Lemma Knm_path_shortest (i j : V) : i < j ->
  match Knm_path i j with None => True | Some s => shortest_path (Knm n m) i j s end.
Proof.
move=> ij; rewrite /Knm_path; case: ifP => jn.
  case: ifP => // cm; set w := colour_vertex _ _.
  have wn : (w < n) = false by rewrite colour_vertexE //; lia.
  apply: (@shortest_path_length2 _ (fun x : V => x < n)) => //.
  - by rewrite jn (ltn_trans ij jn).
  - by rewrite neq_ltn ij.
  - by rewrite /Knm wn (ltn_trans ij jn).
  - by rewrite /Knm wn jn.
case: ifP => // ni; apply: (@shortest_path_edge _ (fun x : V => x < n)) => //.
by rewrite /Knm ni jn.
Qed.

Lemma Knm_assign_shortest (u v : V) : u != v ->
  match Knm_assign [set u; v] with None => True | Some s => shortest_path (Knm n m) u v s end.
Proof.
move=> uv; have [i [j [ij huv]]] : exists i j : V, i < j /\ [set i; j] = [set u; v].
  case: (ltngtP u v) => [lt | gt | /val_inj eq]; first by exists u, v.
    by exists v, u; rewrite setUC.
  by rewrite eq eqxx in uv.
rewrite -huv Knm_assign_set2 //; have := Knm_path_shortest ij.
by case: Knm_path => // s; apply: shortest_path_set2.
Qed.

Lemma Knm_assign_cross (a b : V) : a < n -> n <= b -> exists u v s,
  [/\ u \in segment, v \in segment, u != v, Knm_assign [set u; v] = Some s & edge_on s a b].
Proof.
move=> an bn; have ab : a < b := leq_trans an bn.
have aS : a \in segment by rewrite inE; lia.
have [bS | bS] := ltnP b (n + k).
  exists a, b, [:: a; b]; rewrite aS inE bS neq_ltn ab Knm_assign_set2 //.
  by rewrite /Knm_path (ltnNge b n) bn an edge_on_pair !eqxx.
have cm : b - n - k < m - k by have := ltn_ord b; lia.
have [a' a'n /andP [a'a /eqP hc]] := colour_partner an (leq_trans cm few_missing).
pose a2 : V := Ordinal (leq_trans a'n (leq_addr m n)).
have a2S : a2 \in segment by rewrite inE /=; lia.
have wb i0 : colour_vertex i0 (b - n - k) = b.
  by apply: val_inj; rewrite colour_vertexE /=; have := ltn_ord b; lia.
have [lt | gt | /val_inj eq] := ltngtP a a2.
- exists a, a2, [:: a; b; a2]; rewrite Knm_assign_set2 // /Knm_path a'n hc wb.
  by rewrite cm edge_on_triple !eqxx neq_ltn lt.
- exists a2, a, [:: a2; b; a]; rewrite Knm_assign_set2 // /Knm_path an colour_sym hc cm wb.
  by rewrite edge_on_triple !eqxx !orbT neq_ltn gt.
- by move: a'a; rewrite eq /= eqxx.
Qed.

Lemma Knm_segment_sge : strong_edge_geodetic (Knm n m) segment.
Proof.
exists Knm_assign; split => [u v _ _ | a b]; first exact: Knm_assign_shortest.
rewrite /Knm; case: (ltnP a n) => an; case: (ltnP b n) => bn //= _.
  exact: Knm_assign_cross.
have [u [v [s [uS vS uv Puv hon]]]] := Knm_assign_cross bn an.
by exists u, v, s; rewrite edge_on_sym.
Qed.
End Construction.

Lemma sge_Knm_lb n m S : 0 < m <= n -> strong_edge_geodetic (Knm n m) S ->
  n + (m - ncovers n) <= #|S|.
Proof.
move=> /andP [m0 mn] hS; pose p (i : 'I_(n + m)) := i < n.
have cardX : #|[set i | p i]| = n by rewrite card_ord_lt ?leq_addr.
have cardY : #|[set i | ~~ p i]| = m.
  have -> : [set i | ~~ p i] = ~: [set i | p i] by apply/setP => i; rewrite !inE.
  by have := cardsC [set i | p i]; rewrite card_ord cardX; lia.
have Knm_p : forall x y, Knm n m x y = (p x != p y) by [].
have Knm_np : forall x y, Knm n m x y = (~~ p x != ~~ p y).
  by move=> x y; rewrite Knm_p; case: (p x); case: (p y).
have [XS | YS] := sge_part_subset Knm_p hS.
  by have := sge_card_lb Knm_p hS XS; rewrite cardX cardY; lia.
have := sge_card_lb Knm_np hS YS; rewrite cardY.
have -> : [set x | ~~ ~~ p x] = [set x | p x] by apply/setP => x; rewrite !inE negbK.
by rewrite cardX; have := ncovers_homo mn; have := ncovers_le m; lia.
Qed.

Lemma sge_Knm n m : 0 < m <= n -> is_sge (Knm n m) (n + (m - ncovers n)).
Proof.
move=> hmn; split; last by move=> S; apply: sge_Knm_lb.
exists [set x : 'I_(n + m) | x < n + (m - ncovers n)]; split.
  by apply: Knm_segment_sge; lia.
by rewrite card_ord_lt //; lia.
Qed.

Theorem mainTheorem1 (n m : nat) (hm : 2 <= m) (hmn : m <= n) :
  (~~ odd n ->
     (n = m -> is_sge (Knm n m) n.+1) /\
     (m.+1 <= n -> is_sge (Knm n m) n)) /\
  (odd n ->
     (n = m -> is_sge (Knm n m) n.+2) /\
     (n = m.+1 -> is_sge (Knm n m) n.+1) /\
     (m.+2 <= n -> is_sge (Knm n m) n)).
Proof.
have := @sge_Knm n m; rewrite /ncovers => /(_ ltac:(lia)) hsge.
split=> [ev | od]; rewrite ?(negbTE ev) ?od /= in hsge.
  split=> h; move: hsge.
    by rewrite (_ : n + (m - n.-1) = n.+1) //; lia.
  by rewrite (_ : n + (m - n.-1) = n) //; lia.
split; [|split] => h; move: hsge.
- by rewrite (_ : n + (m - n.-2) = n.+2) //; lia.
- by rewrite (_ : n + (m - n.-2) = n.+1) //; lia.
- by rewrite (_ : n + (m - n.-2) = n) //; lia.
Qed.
---
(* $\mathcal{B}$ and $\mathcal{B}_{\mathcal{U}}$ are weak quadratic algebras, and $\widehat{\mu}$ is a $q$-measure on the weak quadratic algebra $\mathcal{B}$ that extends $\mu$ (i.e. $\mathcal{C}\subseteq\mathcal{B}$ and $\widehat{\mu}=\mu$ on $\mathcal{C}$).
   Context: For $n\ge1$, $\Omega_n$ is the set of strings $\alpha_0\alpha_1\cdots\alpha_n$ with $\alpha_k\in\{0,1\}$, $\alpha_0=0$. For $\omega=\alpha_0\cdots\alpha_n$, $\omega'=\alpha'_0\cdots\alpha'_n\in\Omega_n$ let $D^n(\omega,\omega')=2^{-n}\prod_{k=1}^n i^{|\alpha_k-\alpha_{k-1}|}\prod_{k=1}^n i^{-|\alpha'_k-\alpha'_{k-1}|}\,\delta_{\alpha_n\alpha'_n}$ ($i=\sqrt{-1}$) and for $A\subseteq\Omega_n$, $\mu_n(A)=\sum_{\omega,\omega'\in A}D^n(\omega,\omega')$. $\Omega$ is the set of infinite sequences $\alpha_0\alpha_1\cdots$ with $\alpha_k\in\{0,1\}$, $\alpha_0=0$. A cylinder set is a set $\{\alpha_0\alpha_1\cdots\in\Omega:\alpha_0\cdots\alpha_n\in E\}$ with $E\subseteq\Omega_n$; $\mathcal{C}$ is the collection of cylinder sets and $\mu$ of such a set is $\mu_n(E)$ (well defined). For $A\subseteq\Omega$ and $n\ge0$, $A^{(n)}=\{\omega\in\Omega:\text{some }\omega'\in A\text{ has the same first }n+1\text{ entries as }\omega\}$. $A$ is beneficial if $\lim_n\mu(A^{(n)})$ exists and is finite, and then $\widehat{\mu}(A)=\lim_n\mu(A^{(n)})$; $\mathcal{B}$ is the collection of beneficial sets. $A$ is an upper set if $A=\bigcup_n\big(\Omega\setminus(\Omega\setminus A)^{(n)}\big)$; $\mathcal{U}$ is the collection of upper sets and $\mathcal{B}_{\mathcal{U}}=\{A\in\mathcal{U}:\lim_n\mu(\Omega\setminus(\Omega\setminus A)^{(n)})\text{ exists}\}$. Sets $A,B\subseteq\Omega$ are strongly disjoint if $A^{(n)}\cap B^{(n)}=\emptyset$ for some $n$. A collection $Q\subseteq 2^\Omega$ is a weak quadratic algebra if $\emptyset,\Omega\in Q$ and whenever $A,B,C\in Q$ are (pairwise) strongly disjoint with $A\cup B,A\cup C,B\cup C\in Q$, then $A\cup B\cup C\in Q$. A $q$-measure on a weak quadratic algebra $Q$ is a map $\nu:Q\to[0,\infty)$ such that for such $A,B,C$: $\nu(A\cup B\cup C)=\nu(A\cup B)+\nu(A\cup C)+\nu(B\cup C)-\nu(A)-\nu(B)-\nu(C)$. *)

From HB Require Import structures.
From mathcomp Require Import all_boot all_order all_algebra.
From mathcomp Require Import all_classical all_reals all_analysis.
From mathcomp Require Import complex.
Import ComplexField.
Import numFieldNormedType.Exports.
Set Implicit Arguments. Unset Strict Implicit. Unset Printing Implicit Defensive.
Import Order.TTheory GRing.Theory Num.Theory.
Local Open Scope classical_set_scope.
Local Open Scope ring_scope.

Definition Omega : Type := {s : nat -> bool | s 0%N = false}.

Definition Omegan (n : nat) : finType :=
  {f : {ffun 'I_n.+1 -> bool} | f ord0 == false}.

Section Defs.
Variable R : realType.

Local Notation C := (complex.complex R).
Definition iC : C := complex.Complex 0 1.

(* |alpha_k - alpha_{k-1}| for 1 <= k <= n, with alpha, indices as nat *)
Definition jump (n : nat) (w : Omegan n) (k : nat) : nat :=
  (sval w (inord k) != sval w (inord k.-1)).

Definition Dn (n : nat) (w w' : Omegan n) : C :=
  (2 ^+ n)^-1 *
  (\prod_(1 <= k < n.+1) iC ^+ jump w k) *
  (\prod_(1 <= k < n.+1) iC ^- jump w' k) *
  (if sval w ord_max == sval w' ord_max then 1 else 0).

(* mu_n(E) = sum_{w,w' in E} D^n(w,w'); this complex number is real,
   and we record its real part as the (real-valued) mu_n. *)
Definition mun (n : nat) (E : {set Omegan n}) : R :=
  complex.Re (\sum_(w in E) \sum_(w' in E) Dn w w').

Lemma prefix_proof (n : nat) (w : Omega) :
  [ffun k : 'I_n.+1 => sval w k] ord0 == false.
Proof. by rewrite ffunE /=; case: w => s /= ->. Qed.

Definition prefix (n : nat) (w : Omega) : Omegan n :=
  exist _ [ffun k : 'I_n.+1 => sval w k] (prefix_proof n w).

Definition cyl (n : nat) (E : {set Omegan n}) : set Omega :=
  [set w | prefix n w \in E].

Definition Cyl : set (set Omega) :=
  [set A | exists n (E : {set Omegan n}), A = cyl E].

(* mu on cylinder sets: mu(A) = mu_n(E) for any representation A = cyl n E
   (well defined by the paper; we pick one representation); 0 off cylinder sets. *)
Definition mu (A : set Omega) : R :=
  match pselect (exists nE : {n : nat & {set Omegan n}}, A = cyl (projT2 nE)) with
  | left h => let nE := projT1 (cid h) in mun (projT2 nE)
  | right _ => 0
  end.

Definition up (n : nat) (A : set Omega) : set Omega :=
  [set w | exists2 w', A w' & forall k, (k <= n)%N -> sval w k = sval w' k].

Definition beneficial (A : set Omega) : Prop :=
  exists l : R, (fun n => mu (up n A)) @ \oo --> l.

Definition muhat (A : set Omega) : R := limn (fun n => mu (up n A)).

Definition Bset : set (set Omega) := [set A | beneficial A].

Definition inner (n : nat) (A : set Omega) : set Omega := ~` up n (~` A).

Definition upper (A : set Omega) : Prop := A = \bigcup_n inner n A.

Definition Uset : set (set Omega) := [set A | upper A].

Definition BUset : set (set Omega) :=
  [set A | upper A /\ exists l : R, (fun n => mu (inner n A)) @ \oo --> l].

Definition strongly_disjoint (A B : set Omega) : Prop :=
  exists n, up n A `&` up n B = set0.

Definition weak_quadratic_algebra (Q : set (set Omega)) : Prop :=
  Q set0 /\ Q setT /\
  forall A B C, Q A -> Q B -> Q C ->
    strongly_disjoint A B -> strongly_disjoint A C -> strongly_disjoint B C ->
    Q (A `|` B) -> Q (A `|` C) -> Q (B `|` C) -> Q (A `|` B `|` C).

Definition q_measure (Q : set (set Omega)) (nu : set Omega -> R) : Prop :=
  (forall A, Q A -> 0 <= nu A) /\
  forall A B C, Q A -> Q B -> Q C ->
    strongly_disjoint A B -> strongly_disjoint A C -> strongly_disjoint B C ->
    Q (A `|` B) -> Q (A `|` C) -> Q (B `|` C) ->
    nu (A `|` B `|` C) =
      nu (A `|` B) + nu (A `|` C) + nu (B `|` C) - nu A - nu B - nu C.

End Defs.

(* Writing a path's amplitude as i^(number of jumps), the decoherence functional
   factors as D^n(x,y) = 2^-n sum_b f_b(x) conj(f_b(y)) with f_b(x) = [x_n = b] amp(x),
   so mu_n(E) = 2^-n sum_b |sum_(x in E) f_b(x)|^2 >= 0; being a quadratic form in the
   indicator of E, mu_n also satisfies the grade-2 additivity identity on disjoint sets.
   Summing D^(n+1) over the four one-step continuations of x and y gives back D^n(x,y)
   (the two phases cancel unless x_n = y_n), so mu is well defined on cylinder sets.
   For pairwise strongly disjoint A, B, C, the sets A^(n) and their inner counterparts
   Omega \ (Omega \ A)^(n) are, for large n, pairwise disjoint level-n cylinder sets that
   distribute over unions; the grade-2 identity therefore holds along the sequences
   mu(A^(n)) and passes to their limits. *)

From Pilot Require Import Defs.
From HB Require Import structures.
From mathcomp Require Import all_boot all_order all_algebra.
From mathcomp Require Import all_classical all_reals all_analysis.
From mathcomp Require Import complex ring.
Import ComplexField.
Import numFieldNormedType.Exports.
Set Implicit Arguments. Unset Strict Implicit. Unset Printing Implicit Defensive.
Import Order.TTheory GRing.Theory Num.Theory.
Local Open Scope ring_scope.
---
Nothing should appear in the answer except the lines above from the line with "by rewrite card_ord_lt //; lia." through the line with "split=> h; move: hsge.", both included, written out exactly.

_Output for this task_
by rewrite card_ord_lt //; lia.
Qed.

Theorem mainTheorem1 (n m : nat) (hm : 2 <= m) (hmn : m <= n) :
  (~~ odd n ->
     (n = m -> is_sge (Knm n m) n.+1) /\
     (m.+1 <= n -> is_sge (Knm n m) n)) /\
  (odd n ->
     (n = m -> is_sge (Knm n m) n.+2) /\
     (n = m.+1 -> is_sge (Knm n m) n.+1) /\
     (m.+2 <= n -> is_sge (Knm n m) n)).
Proof.
have := @sge_Knm n m; rewrite /ncovers => /(_ ltac:(lia)) hsge.
split=> [ev | od]; rewrite ?(negbTE ev) ?od /= in hsge.
  split=> h; move: hsge.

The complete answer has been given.